:: Data to process

(* Let $q$ be a vertex-labelled query hypergraph with labelling $l_q$ and $H$ a vertex-labelled data hypergraph with labelling $l_H$. Let $q'$ be a partial query of $q$ with hyperedges $e_1,\dots,e_k$ (in matching order), and let $e_{q'}=e_k$ be its last hyperedge. Let $m'$ be a partial embedding of $q'$, i.e. an injective assignment $f(e_i)\in E(H)$ ($1\le i\le k$), and write $e_{m'}=f(e_k)$. Assume that the partial embedding $m=(f(e_1),\dots,f(e_{k-1}))$ is a valid embedding of the partial query $q''$ formed by $e_1,\dots,e_{k-1}$. Then $m'$ is a valid embedding of $q'$ if and only if the two multisets $$\{\mathcal{P}_{q'\rightarrow m'}(u) : u\in e_{q'}\} \quad\text{and}\quad \{\mathcal{P}(v) : v\in e_{m'}\}$$ are equal.
   Context: A hypergraph consists of a vertex set and a set of hyperedges, each a nonempty subset of the vertex set; vertices carry labels. A partial query $q'$ is the subhypergraph of $q$ formed by a set of query hyperedges together with the vertices they contain. For a partial embedding $m'$ (an injective map $f$ from $E(q')$ to $E(H)$), $H_{m'}$ denotes the subhypergraph of $H$ consisting of the data hyperedges $f(e)$, $e\in E(q')$, and the vertices they contain. The partial embedding $m'$ is valid (an embedding of $q'$) if there exists a bijection $g:V(q')\to V(H_{m'})$ with $l_H(g(u))=l_q(u)$ for all $u\in V(q')$ and $g(e)=f(e)$ (as vertex sets) for every $e\in E(q')$. For a data vertex $v\in V(H_{m'})$, its vertex profile is $\mathcal{P}(v)=(l_H(v),\, he_{H_{m'}}(v))$, where $he_{H_{m'}}(v)$ is the set of hyperedges of $H_{m'}$ containing $v$. For a query vertex $u\in V(q')$, $\mathcal{P}_{q'\rightarrow m'}(u)=(l_q(u),\,\{f(e): e\in he_{q'}(u)\})$, where $he_{q'}(u)$ is the set of hyperedges of $q'$ containing $u$. *)

From mathcomp Require Import all_boot.
Set Implicit Arguments. Unset Strict Implicit. Unset Printing Implicit Defensive.

(* A hyperedge is a finite set of vertices. A (partial) query is given by the
   sequence of its hyperedges in matching order. *)

Definition vset (T : finType) (E : seq {set T}) : {set T} := \bigcup_(e <- E) e.

Definition is_embedding (Vq Vh : finType) (L : eqType)
    (lq : Vq -> L) (lH : Vh -> L) (E : seq {set Vq}) (f : {set Vq} -> {set Vh}) : Prop :=
  exists g : Vq -> Vh,
    [/\ {in vset E &, injective g},
        g @: vset E = vset (map f E),
        {in vset E, forall u, lH (g u) = lq u} &
        (forall e : {set Vq}, e \in E -> g @: e = f e)].

Definition qprofile (Vq Vh : finType) (L : eqType) (lq : Vq -> L)
    (f : {set Vq} -> {set Vh}) (E : seq {set Vq}) (u : Vq) : L * {set {set Vh}} :=
  (lq u, f @: [set e : {set Vq} | (e \in E) && (u \in e)]).

Definition dprofile (Vh : finType) (L : eqType) (lH : Vh -> L)
    (F : seq {set Vh}) (v : Vh) : L * {set {set Vh}} :=
  (lH v, [set e : {set Vh} | (e \in F) && (v \in e)]).

From mathcomp Require Import all_boot.

Set Implicit Arguments.
Unset Strict Implicit.
Unset Printing Implicit Defensive.

(* A valid embedding is the same as a label- and incidence-preserving matching
   of vertices, and such a matching exists iff every nonempty profile is
   carried by as many query vertices as data vertices.  Adding the last
   hyperedge [ek] splits each old profile class into the vertices outside [ek],
   whose profile is unchanged, and those inside, whose profile gains the fresh
   edge [f ek].  As the class sizes for [es] already agree, the class sizes for
   [rcons es ek] agree iff they agree on the vertices of [ek] and [f ek], i.e.
   iff the two profile multisets coincide. *)

Lemma vsetP (T : finType) (E : seq {set T}) u :
  reflect (exists2 e, e \in E & u \in e) (u \in vset E).
Proof. by rewrite /vset bigcup_seq; apply: (iffP bigcupP) => -[e]; exists e. Qed.

Lemma count_enum_set (T : finType) (A : {set T}) (P : pred T) :
  count P (enum A) = #|[set u in A | P u]|.
Proof.
rewrite -size_filter cardE; apply/perm_size/uniq_perm.
- by rewrite filter_uniq ?enum_uniq.
- exact: enum_uniq.
by move=> u; rewrite mem_filter !mem_enum !inE andbC.
Qed.

Lemma perm_map_enumP (T1 T2 : finType) (X : eqType) (p : T1 -> X) (d : T2 -> X)
    (A : {set T1}) (B : {set T2}) :
  reflect (forall x, #|[set u in A | p u == x]| = #|[set v in B | d v == x]|)
          (perm_eq [seq p u | u <- enum A] [seq d v | v <- enum B]).
Proof.
have count_fiber (T : finType) (q : T -> X) (C : {set T}) x :
    count_mem x [seq q u | u <- enum C] = #|[set u in C | q u == x]|.
  by rewrite count_map count_enum_set.
apply: (iffP idP) => [/permP eq_count x | eq_card].
  by rewrite -!count_fiber eq_count.
by apply/allP => x _; rewrite /= !count_fiber eq_card.
Qed.

Lemma fiber_matching (T1 T2 : finType) (X : eqType) (p : T1 -> X) (d : T2 -> X)
    (P : pred X) (v0 : T2) :
  (forall x, P x -> #|[set u | p u == x]| = #|[set v | d v == x]|) ->
  exists g : T1 -> T2,
    [/\ {in [pred u | P (p u)], forall u, d (g u) = p u},
        {in [pred u | P (p u)] &, injective g} &
        forall v, P (d v) -> exists2 u, P (p u) & g u = v].
Proof.
move=> eq_fiber.
pose A x := enum [set u | p u == x]; pose B x := enum [set v | d v == x].
have size_AB x : P x -> size (A x) = size (B x) by move=> Px; rewrite -!cardE eq_fiber.
have memA u x : (u \in A x) = (p u == x) by rewrite mem_enum inE.
have memB v x : (v \in B x) = (d v == x) by rewrite mem_enum inE.
pose g u := nth v0 (B (p u)) (index u (A (p u))).
have index_lt u : P (p u) -> index u (A (p u)) < size (B (p u)).
  by move=> Pu; rewrite -size_AB // index_mem memA.
have dg : {in [pred u | P (p u)], forall u, d (g u) = p u}.
  by move=> u /index_lt /(mem_nth v0); rewrite memB => /eqP.
exists g; split=> // [u1 u2 Pu1 Pu2 eq_g | v Pv].
  have eq_p : p u1 = p u2 by rewrite -dg // eq_g dg.
  have lt1 := index_lt u1 Pu1; rewrite eq_p in lt1.
  move/eqP: eq_g; rewrite /g eq_p nth_uniq ?enum_uniq ?index_lt // => /eqP eq_i.
  have u1A : u1 \in A (p u2) by rewrite memA eq_p.
  by rewrite -(nth_index u1 u1A) eq_i nth_index // memA.
set x := d v.
have lt_v : index v (B x) < size (A x) by rewrite size_AB // index_mem memB.
have [u0 _] : exists u0 : T1, true by case: (A x) lt_v => // u0 _ _; exists u0.
set u := nth u0 (A x) (index v (B x)).
have pu : p u = x by apply/eqP; rewrite -memA mem_nth.
by exists u; rewrite ?pu // /g pu index_uniq ?enum_uniq // nth_index // memB.
Qed.

Definition add_edge (L : eqType) (S : finType) (a : S) (b : bool) (x : L * {set S}) :
    L * {set S} :=
  (x.1, if b then a |: x.2 else x.2).

Section Profiles.

Variables (Vq Vh : finType) (L : eqType) (lq : Vq -> L) (lH : Vh -> L).
Implicit Types (f : {set Vq} -> {set Vh}) (E : seq {set Vq}) (F : seq {set Vh}).
Implicit Types (u : Vq) (v : Vh).

Lemma qprofile_neq0 f E u : ((qprofile lq f E u).2 != set0) = (u \in vset E).
Proof.
rewrite /= imset_eq0; apply/set0Pn/vsetP => [[e]|[e Ee ue]].
  by rewrite inE => /andP[]; exists e.
by exists e; rewrite inE Ee.
Qed.

Lemma dprofile_neq0 F v : ((dprofile lH F v).2 != set0) = (v \in vset F).
Proof.
apply/set0Pn/vsetP => [[e]|[e Fe ve]].
  by rewrite inE => /andP[]; exists e.
by exists e; rewrite inE Fe.
Qed.

Lemma mem_qprofile f E u e : e \in (qprofile lq f E u).2 -> e \in map f E.
Proof. by case/imsetP => e' /[!inE] /andP[Ee' _] ->; apply: map_f. Qed.

Lemma mem_dprofile F v e : e \in (dprofile lH F v).2 -> e \in F.
Proof. by rewrite inE => /andP[]. Qed.

Lemma qprofile_rcons f E ek u :
  qprofile lq f (rcons E ek) u = add_edge (f ek) (u \in ek) (qprofile lq f E u).
Proof.
rewrite /qprofile /add_edge /=; congr pair.
set S := [set e | (e \in E) && (u \in e)].
have -> : [set e | (e \in rcons E ek) && (u \in e)] = if u \in ek then ek |: S else S.
  apply/setP => e; case: (boolP (u \in ek)) => uek; rewrite !inE mem_rcons in_cons.
    by case: (e =P ek) => [->|].
  by case: (e =P ek) => [->|]; rewrite ?(negPf uek) ?andbF.
by case: ifP; rewrite ?imsetU1.
Qed.

Lemma dprofile_rcons F a v :
  dprofile lH (rcons F a) v = add_edge a (v \in a) (dprofile lH F v).
Proof.
rewrite /dprofile /add_edge /=; congr pair; apply/setP => e.
rewrite !inE mem_rcons in_cons; case: (boolP (v \in a)) => va; rewrite ?inE.
  by case: (e =P a) => [->|].
by case: (e =P a) => [->|]; rewrite ?(negPf va) ?andbF.
Qed.

Lemma dprofile_embedding f E (g : Vq -> Vh) :
    {in vset E &, injective g} -> {in vset E, forall u, lH (g u) = lq u} ->
    (forall e, e \in E -> g @: e = f e) ->
  {in vset E, forall u, dprofile lH (map f E) (g u) = qprofile lq f E u}.
Proof.
move=> g_inj g_lab g_edge u uE; rewrite /dprofile /qprofile g_lab //; congr pair.
apply/setP => e'; rewrite !inE; apply/andP/imsetP => [[/mapP[e Ee ->] gue] | [e]].
  exists e => //; rewrite inE Ee /=.
  move: gue; rewrite -g_edge // => /imsetP[u' u'e eq_g].
  have u'E : u' \in vset E by apply/vsetP; exists e.
  by rewrite (g_inj _ _ uE u'E eq_g).
rewrite inE => /andP[Ee ue] ->.
by split; [apply: map_f | rewrite -g_edge // imset_f].
Qed.

Lemma embedding_fiber_card f E : is_embedding lq lH E f ->
  forall x, x.2 != set0 ->
  #|[set u | qprofile lq f E u == x]| = #|[set v | dprofile lH (map f E) v == x]|.
Proof.
move=> [g [g_inj g_vset g_lab g_edge]] x x_neq0.
have dg := dprofile_embedding g_inj g_lab g_edge.
have fiber_sub : {subset [set u | qprofile lq f E u == x] <= vset E}.
  by move=> u; rewrite inE -(qprofile_neq0 f) => /eqP->.
rewrite -(card_in_imset (f := g)); last first.
  by move=> u1 u2 /fiber_sub u1E /fiber_sub u2E; apply: g_inj.
apply: eq_card => v; rewrite inE; apply/imsetP/eqP => [[u fu ->] | dv].
  by rewrite dg ?fiber_sub //; move: fu; rewrite inE => /eqP.
have : v \in vset (map f E) by move: x_neq0; rewrite -dv dprofile_neq0.
rewrite -g_vset => /imsetP[u uE def_v]; exists u => //.
by rewrite inE -dg // -def_v dv.
Qed.

Lemma fiber_card_embedding f E (v0 : Vh) : {in E &, injective f} ->
  (forall x, x.2 != set0 ->
    #|[set u | qprofile lq f E u == x]| = #|[set v | dprofile lH (map f E) v == x]|) ->
  is_embedding lq lH E f.
Proof.
move=> f_inj /(fiber_matching (P := fun x => x.2 != set0) v0)[g [dg g_inj g_surj]].
have {}dg u : u \in vset E -> dprofile lH (map f E) (g u) = qprofile lq f E u.
  by move=> uE; apply: dg; rewrite inE /= qprofile_neq0.
have {}g_inj : {in vset E &, injective g}.
  by move=> u1 u2 u1E u2E; apply: g_inj; rewrite inE /= qprofile_neq0.
have {}g_surj v : v \in vset (map f E) -> exists2 u, u \in vset E & g u = v.
  by rewrite -dprofile_neq0 => /g_surj[u]; rewrite qprofile_neq0; exists u.
exists g; split=> //.
- apply/setP => v; apply/imsetP/idP => [[u uE ->] | /g_surj[u uE <-]]; last by exists u.
  by rewrite -dprofile_neq0 dg // qprofile_neq0.
- by move=> u uE; apply: (congr1 fst (dg u uE)).
move=> e Ee; apply/setP => v; apply/imsetP/idP => [[u ue ->] | vfe].
  have uE : u \in vset E by apply/vsetP; exists e.
  have : f e \in (dprofile lH (map f E) (g u)).2 by rewrite dg // imset_f // inE Ee.
  by rewrite inE => /andP[].
have vE : v \in vset (map f E) by apply/vsetP; exists (f e); rewrite ?map_f.
have [u uE gu] := g_surj v vE; exists u => //.
have : f e \in (qprofile lq f E u).2 by rewrite -dg // gu inE map_f.
by case/imsetP => e' /[!inE] /andP[Ee' ue'] /(f_inj _ _ Ee Ee') ->.
Qed.

Lemma embedding_fiber_cardP f E (v0 : Vh) : {in E &, injective f} ->
  is_embedding lq lH E f <->
  (forall x, x.2 != set0 ->
    #|[set u | qprofile lq f E u == x]| = #|[set v | dprofile lH (map f E) v == x]|).
Proof.
by move=> f_inj; split; [exact: embedding_fiber_card | exact: fiber_card_embedding].
Qed.

End Profiles.

Section AddEdgeFibers.

Variables (T S : finType) (L : eqType) (p p' : T -> L * {set S}) (K : {set T}) (a : S).
Hypothesis p'E : forall u, p' u = add_edge a (u \in K) (p u).
Implicit Type x : L * {set S}.

Lemma card_fiber_add_edge_out x :
  a \notin x.2 -> #|[set u in K | p' u == x]| = 0.
Proof.
move=> ax; apply: eq_card0 => u; rewrite !inE p'E.
by case: (u \in K) => //; apply: contraNF ax => /eqP <-; rewrite setU11.
Qed.

Hypothesis a_fresh : forall u, a \notin (p u).2.

Lemma card_fiber_add_edge_in x :
  a \in x.2 -> #|[set u | p' u == x]| = #|[set u in K | p' u == x]|.
Proof.
move=> ax; apply: eq_card => u; rewrite !inE p'E.
by case: (u \in K) => //; apply: contraTF ax => /eqP <-; apply: a_fresh.
Qed.

Lemma card_fiber_add_edge_split x : a \notin x.2 ->
  #|[set u | p u == x]| =
  #|[set u | p' u == x]| + #|[set u in K | p' u == (x.1, a |: x.2)]|.
Proof.
case: x => l X /= aX; rewrite -(cardsID K) addnC; congr (_ + _); apply: eq_card => u;
  rewrite !inE p'E /add_edge; case: (u \in K) => //=; case: (p u) (a_fresh u) => l' Y /= aY.
- by apply/esym/negbTE; apply: contra aX => /eqP[_ <-]; apply: setU11.
- rewrite andbT !xpair_eqE; congr andb; apply/eqP/eqP => [-> // | /setP eq_aYX].
  apply/setP => y; move/(_ y): eq_aYX; rewrite !inE; case: eqP => [-> _ | _ /= //].
  by rewrite (negPf aX) (negPf aY).
by rewrite andbF.
Qed.

End AddEdgeFibers.

Lemma fiber_card_add_edgeP (T1 T2 S : finType) (L : eqType)
    (p p' : T1 -> L * {set S}) (d d' : T2 -> L * {set S})
    (K1 : {set T1}) (K2 : {set T2}) (a : S) :
    (forall u, p' u = add_edge a (u \in K1) (p u)) ->
    (forall v, d' v = add_edge a (v \in K2) (d v)) ->
    (forall u, a \notin (p u).2) -> (forall v, a \notin (d v).2) ->
    (forall x : L * {set S}, a \notin x.2 -> x.2 != set0 ->
      #|[set u | p u == x]| = #|[set v | d v == x]|) ->
  (forall x : L * {set S}, x.2 != set0 ->
    #|[set u | p' u == x]| = #|[set v | d' v == x]|) <->
  (forall x : L * {set S},
    #|[set u in K1 | p' u == x]| = #|[set v in K2 | d' v == x]|).
Proof.
move=> p'E d'E p_fresh d_fresh eq_fiber.
have p_in := card_fiber_add_edge_in p'E p_fresh.
have d_in := card_fiber_add_edge_in d'E d_fresh.
split=> [eq_fiber' x | eq_fiberK x x_neq0]; have [ax | ax] := boolP (a \in x.2).
- by rewrite -p_in // -d_in // eq_fiber' //; apply/set0Pn; exists a.
- by rewrite (card_fiber_add_edge_out p'E ax) (card_fiber_add_edge_out d'E ax).
- by rewrite p_in // d_in.
apply: (@addIn #|[set v in K2 | d' v == (x.1, a |: x.2)]|).
rewrite -(card_fiber_add_edge_split d'E d_fresh ax) -eq_fiberK.
by rewrite -(card_fiber_add_edge_split p'E p_fresh ax) eq_fiber.
Qed.

Theorem mainTheorem1 (Vq Vh : finType) (L : eqType) (lq : Vq -> L) (lH : Vh -> L)
    (EQ : {set {set Vq}}) (EH : {set {set Vh}})
    (hEQ : forall e, e \in EQ -> e != set0)
    (hEH : forall e, e \in EH -> e != set0)
    (es : seq {set Vq}) (ek : {set Vq}) (f : {set Vq} -> {set Vh})
    (huniq : uniq (rcons es ek))
    (hsub : {subset rcons es ek <= EQ})
    (hfinj : {in rcons es ek &, injective f})
    (hfH : {in rcons es ek, forall e, f e \in EH})
    (hm : is_embedding lq lH es f) :
  is_embedding lq lH (rcons es ek) f <->
  perm_eq [seq qprofile lq f (rcons es ek) u | u <- enum ek]
          [seq dprofile lH (map f (rcons es ek)) v | v <- enum (f ek)].
Proof.
have [v0 _] : exists v0, v0 \in f ek by apply/set0Pn/hEH/hfH; rewrite mem_rcons mem_head.
have fresh : f ek \notin map f es.
  by move: huniq; rewrite -(map_inj_in_uniq hfinj) map_rcons rcons_uniq => /andP[].
apply: (iff_trans (embedding_fiber_cardP lq lH v0 hfinj)).
apply: (iff_trans _ (rwP (perm_map_enumP _ _ _ _))).
rewrite map_rcons; apply: fiber_card_add_edgeP.
- exact: qprofile_rcons.
- exact: dprofile_rcons.
- by move=> u; apply: contra fresh; apply: mem_qprofile.
- by move=> v; apply: contra fresh; apply: mem_dprofile.
by move=> x _; apply: embedding_fiber_card.
Qed.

::::

Description of the task
When a line in the records holds the string "every", copy that line.

Solved problem
   Context: A hypergraph consists of a vertex set and a set of hyperedges, each a nonempty subset of the vertex set; vertices carry labels. A partial query $q'$ is the subhypergraph of $q$ formed by a set of query hyperedges together with the vertices they contain. For a partial embedding $m'$ (an injective map $f$ from $E(q')$ to $E(H)$), $H_{m'}$ denotes the subhypergraph of $H$ consisting of the data hyperedges $f(e)$, $e\in E(q')$, and the vertices they contain. The partial embedding $m'$ is valid (an embedding of $q'$) if there exists a bijection $g:V(q')\to V(H_{m'})$ with $l_H(g(u))=l_q(u)$ for all $u\in V(q')$ and $g(e)=f(e)$ (as vertex sets) for every $e\in E(q')$. For a data vertex $v\in V(H_{m'})$, its vertex profile is $\mathcal{P}(v)=(l_H(v),\, he_{H_{m'}}(v))$, where $he_{H_{m'}}(v)$ is the set of hyperedges of $H_{m'}$ containing $v$. For a query vertex $u\in V(q')$, $\mathcal{P}_{q'\rightarrow m'}(u)=(l_q(u),\,\{f(e): e\in he_{q'}(u)\})$, where $he_{q'}(u)$ is the set of hyperedges of $q'$ containing $u$. *)
   of vertices, and such a matching exists iff every nonempty profile is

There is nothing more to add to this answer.